Я уважаю то, как Петр носит свою броню гнева. В отличие от моего обучения, которое предписывает мне не проявлять никаких эмоций, которые могут выдать слабость врага, мой пахан владеет своими эмоциями как оружием. Это делает его почти непобедимым, но при этом не лишает эмоциональности.
— Если ты согласишься на эту работу, значит, от тебя будут требовать, чтобы ты смотрел в другую сторону. Позволять происходить разным больным, извращенным вещам. Возможно, тебе придется делать то, что ты считаешь отвратительным, чтобы сохранить свое прикрытие. Потому что я не намерен освобождать тебя от задания, пока мы не развалим всю империю Михаила. Думаешь, у тебя хватит на это духу?

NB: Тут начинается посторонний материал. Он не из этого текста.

(* Under the hypotheses of the decomposability theorem for sums (so $S_{(0)}=S_{(1)}+S_{(2)}$ is spectrally decomposable over $S_{(1)}$ with $\kappa=1$ and length $\ell$), one has $A_{0,1}(s)=0$ and $$A_{0,0}(s)=\sum_{n_1=1}^\infty\Big(-\log\Gamma(\lambda_{(1),n_1},S_{(2)})+\sum_{j=0}^{p_{(2)}}a_{(2),j,1}\lambda_{(1),n_1}^j\log\lambda_{(1),n_1}+\sum_{h=0}^\ell a_{(2),\alpha_{(2),h},0}\lambda_{(1),n_1}^{\alpha_{(2),h}}\Big)\lambda_{(1),n_1}^{-s}.$$
   Context: Gamma function of a sequence $S=\{\lambda_n\}$ of genus $\mathsf g(S)$: $\frac1{\Gamma(z,S)}=\prod_n(1+\frac z{\lambda_n})\exp(\sum_{j=1}^{\mathsf g(S)}\frac{(-1)^j}{j}\frac{z^j}{\lambda_n^j})$; $\log(-\lambda)$ is real on the negative real axis. Let $S_{(1)}$ (positive reals) and $S_{(2)}$ be totally regular sequences of spectral type with exponents $s_{(i)}$, genera $p_{(i)}$, orders $\alpha_{(i),N_{(i)}}\le0$, $\alpha_{(1),N_{(1)}}<-p_{(2)}-1$, $-\alpha_{(2),N_{(2)}}\ge s_{(1)}$, with $\log\Gamma(-\lambda,S_{(2)})=\sum_{h}a_{(2),\alpha_{(2),h},0}(-\lambda)^{\alpha_{(2),h}}+\sum_{j=0}^{p_{(2)}}a_{(2),j,1}(-\lambda)^j\log(-\lambda)+o(\cdot)$ as $\lambda\to\infty$ (totally regular: log terms only at integer $j\in[0,p_{(2)}]$). Let $\ell$ be the largest integer with $-\alpha_{(2),\ell}\le s_{(1)}$. For $\tilde S_{n_1}=\lambda_{(1),n_1}^{-1}\{\lambda_{(1),n_1}+\lambda_{(2),n_2}\}_{n_2}$ one has, as $n_1\to\infty$ uniformly in $\lambda$, $\log\Gamma(-\lambda,\tilde S_{n_1})=\sum_{h=0}^{\ell}\tilde\phi_{h}(\lambda)\lambda_{(1),n_1}^{\alpha_{(2),h}}+\sum_{l=0}^{p_{(2)}}\hat\phi_{l}(\lambda)\lambda_{(1),n_1}^{l}+\sum_{l=0}^{p_{(2)}}P_l(\lambda)\lambda_{(1),n_1}^l\log\lambda_{(1),n_1}+o(\lambda_{(1),n_1}^{-s_{(1)}})$ with $\tilde\phi_h(\lambda)=a_{(2),\alpha_{(2),h},0}((1-\lambda)^{\alpha_{(2),h}}-1)-\sum_{k=1}^{p_{(0)}}K_{k,h,0}(-\lambda)^k$, $\hat\phi_l(\lambda)=a_{(2),l,1}(1-\lambda)^l\log(1-\lambda)-\sum_{k=1}^{p_{(0)}}K_{k,l,2}(-\lambda)^k$, $P_l$ polynomials vanishing at $0$, $K$'s constants, $p_{(0)}=[s_{(1)}+s_{(2)}]$; these $\tilde\phi_h,\hat\phi_l$ are the functions $\phi_\sigma$ of the decomposition (with $\sigma=-\alpha_{(2),h}$, resp. $\sigma=-l$). Writing $a_{0,k,n_1}$ for the coefficient of $(-\lambda)^0\log^k(-\lambda)$ in the large-$\lambda$ expansion of $\log\Gamma(-\lambda,\tilde S_{n_1})$ and $b_{\sigma,0,k}$ for that of $(-\lambda)^0\log^k(-\lambda)$ in the large-$\lambda$ expansion of $\phi_\sigma$, define $A_{0,k}(s)=\sum_{n_1\ge1}\big(a_{0,k,n_1}-\sum_\sigma b_{\sigma,0,k}\lambda_{(1),n_1}^{-\sigma}\big)\lambda_{(1),n_1}^{-s}$, $k=0,1$, the sum over $\sigma$ running over all the functions $\phi_\sigma$ above. *)

From Stdlib Require Import Reals Lra ClassicalEpsilon.
From Coquelicot Require Import Coquelicot.
Open Scope R_scope.

(* principal argument, with values in (-PI, PI]; Carg 0 = 0 *)
Definition Carg (z : C) : R :=
  let x := fst z in let y := snd z in
  match Rlt_dec 0 x with
  | left _ => atan (y / x)
  | right _ =>
    match Rlt_dec x 0 with
    | left _ => match Rle_dec 0 y with
                | left _ => atan (y / x) + PI
                | right _ => atan (y / x) - PI
                end
    | right _ =>
      match Rlt_dec 0 y with
      | left _ => PI / 2
      | right _ => match Rlt_dec y 0 with
                   | left _ => - (PI / 2)
                   | right _ => 0
                   end
      end
    end
  end.

Definition Cexp (z : C) : C := (exp (fst z) * cos (snd z), exp (fst z) * sin (snd z)).

Definition Clog (z : C) : C := (ln (Cmod z), Carg z).

Definition Cpow (z : C) (a : R) : C := Cexp (RtoC a * Clog z)%C.

Fixpoint cpown (z : C) (n : nat) : C :=
  match n with O => RtoC 1 | S m => (z * cpown z m)%C end.

(* x^z for x > 0 real and z complex *)
Definition Rpow_C (x : R) (z : C) : C := Cexp (z * RtoC (ln x))%C.

Fixpoint csum (f : nat -> C) (n : nat) : C :=
  match n with O => RtoC 0 | S m => (csum f m + f m)%C end.

(* sum of a complex series (real and imaginary parts separately; the usual
   total "junk value" convention of Coquelicot's Series if divergent) *)
Definition CSeries (u : nat -> C) : C :=
  (Series (fun n => fst (u n)), Series (fun n => snd (u n))).

Definition is_conv_exp (Sq : nat -> C) (s : R) : Prop :=
  (forall t, s < t -> ex_series (fun n => Rpower (Cmod (Sq n)) (- t))) /\
  (forall t, t < s -> ~ ex_series (fun n => Rpower (Cmod (Sq n)) (- t))).

Definition is_genus (Sq : nat -> C) (p : nat) : Prop :=
  ex_series (fun n => / (Cmod (Sq n)) ^ (S p)) /\
  (forall q, (q < p)%nat -> ~ ex_series (fun n => / (Cmod (Sq n)) ^ (S q))).

Definition genus (Sq : nat -> C) : nat :=
  epsilon (inhabits O) (fun p => is_genus Sq p).

Definition logGamma (z : C) (Sq : nat -> C) : C :=
  (- CSeries (fun n =>
       Clog (RtoC 1 + z / Sq n) +
       csum (fun j => RtoC ((-1) ^ (S j) / INR (S j)) * cpown (z / Sq n) (S j))
            (genus Sq)))%C.

Definition in_sector (theta c : R) (z : C) : Prop :=
  Rabs (Carg (z - RtoC c)%C) <= theta / 2.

Лазерный взгляд Петра не отрывается от Саши, и мой брат внимательно изучает его, все так же едва заметно кривя губы, несмотря на весомость слов моего пахана.
— Возможно, мой старший брат не до конца просветил тебя о том, через какие обширные тренировки мы проходим в Доме Ликана, но уверяю тебя, я могу проглотить практически все. Итак, если вы закончили меня жарить, когда начнется веселье?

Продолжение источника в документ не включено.